At one point last year I tried some simple reformatting & whitespace
elimination that reduced VSUM from 500k to around 300k without changing
the format. I also suggested page breaks at each virus to fit into a loose-
leaf folder and allow monthly updates so that the whole thing only had to be
downloaded once. My suspician is that the original version was done on an
IBM mainframe (used to be sorted in EBCDIC order)

However since it is copyrighted material, such forms cannot be distributed
without permission.

The problem with a .DBF format is that not everyone can read it.
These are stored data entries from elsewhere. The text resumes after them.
(* For every prime power $q>2$ there is no linear $(q-1,q+1,q)$-AONT, i.e. no invertible $(q+1)\times(q+1)$ matrix over $\mathbb{F}_q$ all of whose $(q-1)\times(q-1)$ submatrices are invertible.
   Context: A linear $(t,s,q)$-AONT over $\mathbb{F}_q$ is given by an invertible $s\times s$ matrix $M$ over $\mathbb{F}_q$ (transform $(y_1,\dots,y_s)=(x_1,\dots,x_s)M^{-1}$); $M$ defines a linear $(t,s,q)$-AONT iff every $t\times t$ submatrix of $M$ is invertible. *)

From mathcomp Require Import all_boot all_order all_algebra all_field.
Set Implicit Arguments. Unset Strict Implicit. Unset Printing Implicit Defensive.
Import GRing.Theory.
Local Open Scope ring_scope.

Definition submx_of (F : fieldType) (s t : nat) (M : 'M[F]_s)
  (R C : {set 'I_s}) (hR : #|R| = t) (hC : #|C| = t) : 'M[F]_t :=
  \matrix_(i < t, j < t)
     M (enum_val (cast_ord (esym hR) i)) (enum_val (cast_ord (esym hC) j)).

Definition linear_AONT (F : fieldType) (t s : nat) (M : 'M[F]_s) : Prop :=
  M \in unitmx /\
  forall (R C : {set 'I_s}) (hR : #|R| = t) (hC : #|C| = t),
    submx_of M hR hC \in unitmx.

(** A linear AONT M and its inverse are dual: a singular u x u submatrix of
    M^-1 produces a nonzero row vector x supported on s - u coordinates with
    xM vanishing on s - u coordinates, i.e. a singular (s - u) x (s - u)
    submatrix of M.  So M^-1 would be an invertible (q+1) x (q+1) matrix N
    over F_q all of whose 2 x 2 minors are nonzero.  Then every row of N has
    at most one zero, the ratios k |-> N_ik / N_0k are injective on the q
    columns where N_0k <> 0, hence run through all of F_q, and the vector
    w_k = N_0k^-1 satisfies (Nw)_0 = q = 0 and (Nw)_i = sum_(x in F_q) x = 0
    for q > 2: N is singular. *)

From mathcomp Require Import all_boot all_order all_algebra all_field.
From mathcomp Require Import fingroup cyclic zify.
Set Implicit Arguments. Unset Strict Implicit. Unset Printing Implicit Defensive.
Import GRing.Theory FinRing.Theory.
Local Open Scope ring_scope.

Section SubmatrixDuality.

Variable F : fieldType.

Definition zero_on n (x : 'rV[F]_n) (A : {set 'I_n}) :=
  forall i, i \in A -> x 0 i = 0.

Lemma sum_zero_onC n (x : 'rV[F]_n) (R : {set 'I_n}) (a : 'I_n -> F) :
  zero_on x (~: R) ->
  \sum_r x 0 r * a r = \sum_(i < #|R|) x 0 (enum_val i) * a (enum_val i).
Proof.
move=> x0; rewrite -(big_enum_val (fun r => x 0 r * a r)) [RHS]big_mkcond.
by apply: eq_bigr => r _; case: ifPn => // rNR; rewrite x0 ?mul0r ?inE.
Qed.

Lemma submx_of_unitP s t (M : 'M[F]_s) (R C : {set 'I_s})
    (hR : #|R| = t) (hC : #|C| = t) :
  submx_of M hR hC \in unitmx <->
  (forall x : 'rV_s, zero_on x (~: R) -> zero_on (x *m M) C -> x = 0).
Proof.
subst t; set S := submx_of M _ hC.
set g := fun j => enum_val (cast_ord (esym hC) j).
have SE i j : S i j = M (enum_val i) (g j) by rewrite mxE cast_ord_id.
split=> [Su x x0 xM0 | Sinj].
  pose xR : 'rV_#|R| := \row_i x 0 (enum_val i).
  have xRS : xR *m S = 0.
    apply/rowP => j; rewrite !mxE -[RHS](xM0 (g j)) ?enum_valP //.
    by rewrite mxE (sum_zero_onC _ x0); apply: eq_bigr => i _; rewrite SE mxE.
  have xR0 : xR = 0 by rewrite -(mulmxK Su xR) xRS mul0mx.
  apply/rowP => r; rewrite mxE; have [rR | rNR] := boolP (r \in R).
    have := congr1 (fun y : 'rV_#|R| => y 0 (enum_rank_in rR r)) xR0.
    by rewrite !mxE enum_rankK_in.
  by apply: x0; rewrite inE.
rewrite unitmxE unitfE; apply/det0P => -[v v0 vS].
pose y := v *m rowsub enum_val 1%:M.
have yE r : y 0 r = \sum_i v 0 i * (enum_val i == r)%:R.
  by rewrite !mxE; apply: eq_bigr => i _; rewrite !mxE.
have yv i : y 0 (enum_val i) = v 0 i.
  rewrite yE (bigD1 i) //= eqxx mulr1 big1 ?addr0 // => i' /negbTE ne.
  by rewrite (inj_eq enum_val_inj) ne mulr0.
apply/negP: v0; rewrite negbK; apply/eqP/rowP => i.
rewrite -yv (Sinj y) ?mxE // => [r | c cC].
  rewrite inE => rNR; rewrite yE big1 // => i' _.
  by case: eqP => [eri | _]; [move: rNR; rewrite -eri enum_valP | rewrite mulr0].
have -> : c = g (cast_ord hC (enum_rank_in cC c)).
  by rewrite /g cast_ordK enum_rankK_in.
rewrite -mulmxA mul_rowsub_mx mul1mx.
transitivity ((v *m S) 0 (cast_ord hC (enum_rank_in cC c))); last first.
  by rewrite vS mxE.
by rewrite !mxE; apply: eq_bigr => k _; rewrite SE !mxE.
Qed.

Lemma linear_AONT_invmx s t u (M : 'M[F]_s) :
  (t + u)%N = s -> linear_AONT t M -> linear_AONT u (invmx M).
Proof.
move=> tus [Mu AM]; split=> [|R C hR hC]; first by rewrite unitmx_inv.
have cardC (A : {set 'I_s}) : #|A| = u -> #|~: A| = t.
  by move=> hA; apply/eqP; rewrite -(eqn_add2r u) tus -hA addnC cardsC card_ord.
apply/submx_of_unitP => y y0 yN0.
have x0 : y *m invmx M = 0.
  apply: (submx_of_unitP M (cardC _ hC) (cardC _ hR)).1; first exact: AM.
    by move=> c; rewrite setCK; exact: yN0.
  by rewrite mulmxKV.
by rewrite -(mulmxKV Mu y) x0 mul0mx.
Qed.

Lemma det_mx22 (A : 'M[F]_2) : \det A = A 0 0 * A 1 1 - A 0 1 * A 1 0.
Proof.
rewrite (expand_det_row _ 0) !big_ord_recl big_ord0 /cofactor !det_mx11 !mxE /=.
rewrite expr0 expr1 !mul1r addr0 mulN1r mulrN.
by congr (_ * A _ _ - A _ _ * A _ _); apply: val_inj.
Qed.

Lemma linear_AONT2_minor s (N : 'M[F]_s) :
  linear_AONT 2 N ->
  forall i j k l, i != j -> k != l -> N i k * N j l != N i l * N j k.
Proof.
move=> [_ AN] i j k l ij kl; apply/negP => /eqP minor0.
pose A : 'M_2 := \matrix_(a, b) N (if a == 0 then i else j) (if b == 0 then k else l).
have /det0P[v v0 vA] : \det A == 0 by rewrite det_mx22 !mxE /= minor0 subrr.
have vAE b : (v *m A) 0 b = v 0 0 * A 0 b + v 0 1 * A 1 b.
  rewrite mxE !big_ord_recl big_ord0 addr0.
  by congr (v 0 _ * A _ b + v 0 _ * A _ b); apply: val_inj.
pose y : 'rV_s := v 0 0 *: delta_mx 0 i + v 0 1 *: delta_mx 0 j.
have yE r : y 0 r = v 0 0 * (r == i)%:R + v 0 1 * (r == j)%:R by rewrite !mxE.
have yN c : (y *m N) 0 c = v 0 0 * N i c + v 0 1 * N j c.
  by rewrite mulmxDl -!scalemxAl -!rowE !mxE.
have card2 (a b : 'I_s) : a != b -> #|[set a; b]| = 2%N.
  by move=> ab; rewrite cards2 ab.
have y0 : y = 0.
  apply: (submx_of_unitP N (card2 _ _ ij) (card2 _ _ kl)).1; first exact: AN.
    move=> r; rewrite !inE negb_or => /andP[ri rj].
    by rewrite yE (negbTE ri) (negbTE rj) !mulr0 addr0.
  move=> c; rewrite !inE yN => /orP[] /eqP ->.
    by have := vAE 0; rewrite vA !mxE.
  by have := vAE 1; rewrite vA !mxE.
have yi : y 0 i = v 0 0 by rewrite yE eqxx (negbTE ij) mulr1 mulr0 addr0.
have yj : y 0 j = v 0 1 by rewrite yE eqxx eq_sym (negbTE ij) mulr1 mulr0 add0r.
apply/negP: v0; rewrite negbK; apply/eqP/rowP => b; rewrite mxE.
have [-> | ->] : b = 0 \/ b = 1.
  by case: b => -[|[|//]] b; [left | right]; apply: val_inj.
- by rewrite -yi y0 mxE.
- by rewrite -yj y0 mxE.
Qed.

End SubmatrixDuality.

Lemma natr_card_eq0 (R : finNzRingType) : (#|R|%:R : R) = 0.
Proof. by rewrite -cardsT -zmodXgE expg_cardG ?inE. Qed.

Lemma sum_finField_eq0 (F : finFieldType) : (2 < #|F|)%N -> \sum_(x : F) x = 0.
Proof.
move=> hF; have /subsetPn[c _] : ~~ ([set: F] \subset [set 0; 1]).
  apply: contraL hF => /subset_leq_card; rewrite cardsT cards2 -leqNgt => h.
  by apply: leq_trans h _; case: (_ != _).
rewrite !inE negb_or => /andP[c0 c1].
have /eqP : \sum_(x : F) x = c * \sum_(x : F) x.
  by rewrite mulr_sumr; exact: (reindex_inj (mulfI c0)).
rewrite -subr_eq0 -{1}(mul1r (\sum_x x)) -mulrBl mulf_eq0 subr_eq0.
by rewrite eq_sym (negbTE c1) => /eqP.
Qed.

Lemma sum_in_inj_card (T : finType) (V : finNmodType) (K : {set T}) (f : T -> V) :
  {in K &, injective f} -> #|K| = #|V| -> \sum_(k in K) f k = \sum_(v : V) v.
Proof.
move=> f_inj cardK; rewrite -(big_imset id f_inj) /=.
have -> : f @: K = [set: V].
  by apply/eqP; rewrite eqEcard subsetT cardsT card_in_imset // cardK leqnn.
by apply: eq_bigl => v; rewrite inE.
Qed.

Section NonzeroMinors.

Variables (F : fieldType) (s : nat) (N : 'M[F]_s).
Hypothesis minorN :
  forall i j k l, i != j -> k != l -> N i k * N j l != N i l * N j k.

Lemma row_eq0_uniq i j k l : i != j -> N i k = 0 -> N i l = 0 -> k = l.
Proof.
move=> ij ik il; apply/eqP; apply: contraT => kl.
by have := minorN ij kl; rewrite ik il !mul0r eqxx.
Qed.

Lemma row_ratio_inj i j :
  i != j -> {in [set k | N j k != 0] &, injective (fun k => N i k / N j k)}.
Proof.
move=> ij k l; rewrite !inE => jk jl /eqP; rewrite eqr_div // => /eqP e.
by apply/eqP; apply: contraT => kl; have := minorN ij kl; rewrite e eqxx.
Qed.

End NonzeroMinors.

Section NonzeroMinorsFinField.

Variables (F : finFieldType) (N : 'M[F]_#|F|.+1).
Hypothesis minorN :
  forall i j k l, i != j -> k != l -> N i k * N j l != N i l * N j k.

Lemma card_row_support i j : i != j -> #|[set k | N i k != 0]| = #|F|.
Proof.
move=> ij; have ji : j != i by rewrite eq_sym.
apply/eqP; rewrite eqn_leq; apply/andP; split.
  by rewrite -(card_in_imset (row_ratio_inj minorN ji)) max_card.
set K := [set k | N i k != 0]; have : (#|~: K| <= 1)%N.
  apply/card_le1_eqP => k l; rewrite !inE !negbK => /eqP ik /eqP il.
  exact: (row_eq0_uniq minorN ij il ik).
by have := cardsC K; rewrite card_ord; lia.
Qed.

Lemma nonzero_minors_notin_unitmx : (2 < #|F|)%N -> N \notin unitmx.
Proof.
move=> hF; pose o : 'I_#|F|.+1 := ord0.
have oM : o != ord_max by rewrite /o -val_eqE /= eq_sym -lt0n (ltnW (ltnW hF)).
set K := [set k | N o k != 0].
have cardK : #|K| = #|F| := card_row_support oM.
(* Entries with [N o k = 0] contribute nothing since [0^-1 = 0]. *)
pose w := \col_k (N o k)^-1.
have Nw : N *m w = 0.
  apply/colP => i; rewrite !mxE.
  transitivity (\sum_(k in K) N i k / N o k).
    rewrite [RHS]big_mkcond; apply: eq_bigr => k _; rewrite mxE inE.
    by case: ifPn => //; rewrite negbK => /eqP ->; rewrite invr0 mulr0.
  have [-> | io] := eqVneq i o.
    rewrite (eq_bigr (fun _ => 1)) => [|k]; last by rewrite inE => /mulfV.
    by rewrite sumr_const cardK natr_card_eq0.
  by rewrite (sum_in_inj_card (row_ratio_inj minorN io)) ?sum_finField_eq0.
have [k kK] : exists k, k \in K by apply/card_gt0P; rewrite cardK; lia.
apply: contraL kK => Nu; rewrite inE negbK -invr_eq0.
have := congr1 (fun v : 'cV_#|F|.+1 => v k 0) (mulKmx Nu w).
by rewrite Nw mulmx0 !mxE => <-.
Qed.

End NonzeroMinorsFinField.

Local Close Scope ring_scope.

Theorem corollary2p25 (F : finFieldType) :
  2 < #|F| ->
  ~ exists M : 'M[F]_(#|F|.+1), linear_AONT #|F|.-1 M.
Proof.
move=> hF [M AM].
have AinvM : linear_AONT 2 (invmx M) by apply: linear_AONT_invmx AM; lia.
have := nonzero_minors_notin_unitmx (linear_AONT2_minor AinvM) hF.
by case: AinvM => ->.
Qed.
For that
reason my preference is for flat ASCII files, these can even be put onto
a mainframe if desired. There are a number of flat-file databases available
& is the reason I reformatted VSUM for Patti last May to have consistant
column boundaries & charactoristic formats. There is no question that VSUM
could be made much smaller without losing any functionality, the .ZIP ratio
gives a good indication of that.

ebrewer@ux1.cso.uiuc.edu (Ellen Brewer) (05/18/91)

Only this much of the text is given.